BEGIN

Lemma po_exponent_bounds (q n : nat) : (0 < q)%nat -> (d * q <= n)%nat -> (1 < n)%nat ->
  - (INR d / INR q + INR d * ln (INR (2 * d * q)%nat) / ln (INR n)) <= po_exponent n <= 0.
Proof.
move=> q_gt0 dq_le_n n_gt1; rewrite /po_exponent leqNgt n_gt1 /=.
have n_pos : 0 < INR n by apply: INR_pos; lia.
have q_pos := INR_pos q_gt0; have d_pos := INR_pos d_gt0.
have ln_pos := ln_INR_gt0 n_gt1.
have c_ge0 : 0 <= ln (INR (2 * d * q)%nat) by apply: ln_INR_ge0; rewrite !muln_gt0 d_gt0.
have upper := ln_num_po_upper n_gt1; have lower := ln_num_po_lower q_gt0 dq_le_n.
set L := ln (INR n) in ln_pos upper lower *; set c := ln (INR _) in c_ge0 lower *.
set lnN := ln (INR _) in upper lower *.
have nL_pos : 0 < INR n * L by apply: Rmult_lt_0_compat.
split; apply: (Rmult_le_reg_r _ _ _ nL_pos).
  have -> : (lnN / (INR n * L) - INR d) * (INR n * L) = lnN - INR d * INR n * L.
    by field; lra.
  have -> : - (INR d / INR q + INR d * c / L) * (INR n * L)
    = - (INR d * INR n * L / INR q + INR d * INR n * c) by field; lra.
  suff : 0 <= INR d * INR n * c / INR q.
    by move: lower; rewrite /Rdiv; lra.
  by apply: Rmult_le_pos; [apply: Rmult_le_pos; [nra | lra] | apply/Rlt_le/Rinv_0_lt_compat].
have -> : (lnN / (INR n * L) - INR d) * (INR n * L) = lnN - INR d * INR n * L by field; lra.
by rewrite Rmult_0_l; lra.
Qed.

(* Given [eps], choose [q > 2d/eps], then [n] so large that [ln n > 2 d ln (2dq) / eps]. *)
Lemma po_exponent_cv : Un_cv po_exponent 0.
Proof.
move=> eps eps_pos.
have [q lt_q] := INR_unbounded (2 * INR d / eps).
have {}lt_q : 2 * INR d / eps < INR q.+1 by rewrite S_INR; lra.
set c := ln (INR (2 * d * q.+1)%nat).
have [n0 ln_large] := ln_INR_unbounded (2 * (INR d * c) / eps).
exists (maxn 2 (maxn (d * q.+1) n0)) => n /leP; rewrite !geq_max => /and3P [n_gt1 dq_le_n n0_le_n].
have [lower upper] := po_exponent_bounds (ltn0Sn q) dq_le_n n_gt1.
have d_ge0 := pos_INR d.
have c_ge0 : 0 <= c by apply: ln_INR_ge0; rewrite !muln_gt0 d_gt0.
have small_q := lt_half_of_large_div d_ge0 eps_pos lt_q.
have small_n := lt_half_of_large_div (Rmult_le_pos _ _ d_ge0 c_ge0) eps_pos (ln_large n n0_le_n).
rewrite /Rdist Rminus_0_r Rabs_left1 //.
by move: lower; rewrite -/c; lra.
Qed.
End Asymptotics.

Theorem corollary2p15 (d : nat) (hd : (1 <= d)%N) :
  exists eps : nat -> R, Un_cv eps 0%R /\
    forall n : nat, (1 <= n)%N ->
      INR (num_po_dim_le n d) = Rpower (INR n) ((INR d + eps n) * INR n)%R.
Proof.
exists (po_exponent d); split; first exact: po_exponent_cv.
by move=> n; exact: po_exponentP.
Qed.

END

▶ [Brief]:
Return, line for line and unchanged, the data from its first line through the line containing "have ln_pos := ln_INR_gt0 n_gt1.".

▶ [Response area]:
Lemma po_exponent_bounds (q n : nat) : (0 < q)%nat -> (d * q <= n)%nat -> (1 < n)%nat ->
  - (INR d / INR q + INR d * ln (INR (2 * d * q)%nat) / ln (INR n)) <= po_exponent n <= 0.
Proof.
move=> q_gt0 dq_le_n n_gt1; rewrite /po_exponent leqNgt n_gt1 /=.
have n_pos : 0 < INR n by apply: INR_pos; lia.
have q_pos := INR_pos q_gt0; have d_pos := INR_pos d_gt0.
have ln_pos := ln_INR_gt0 n_gt1.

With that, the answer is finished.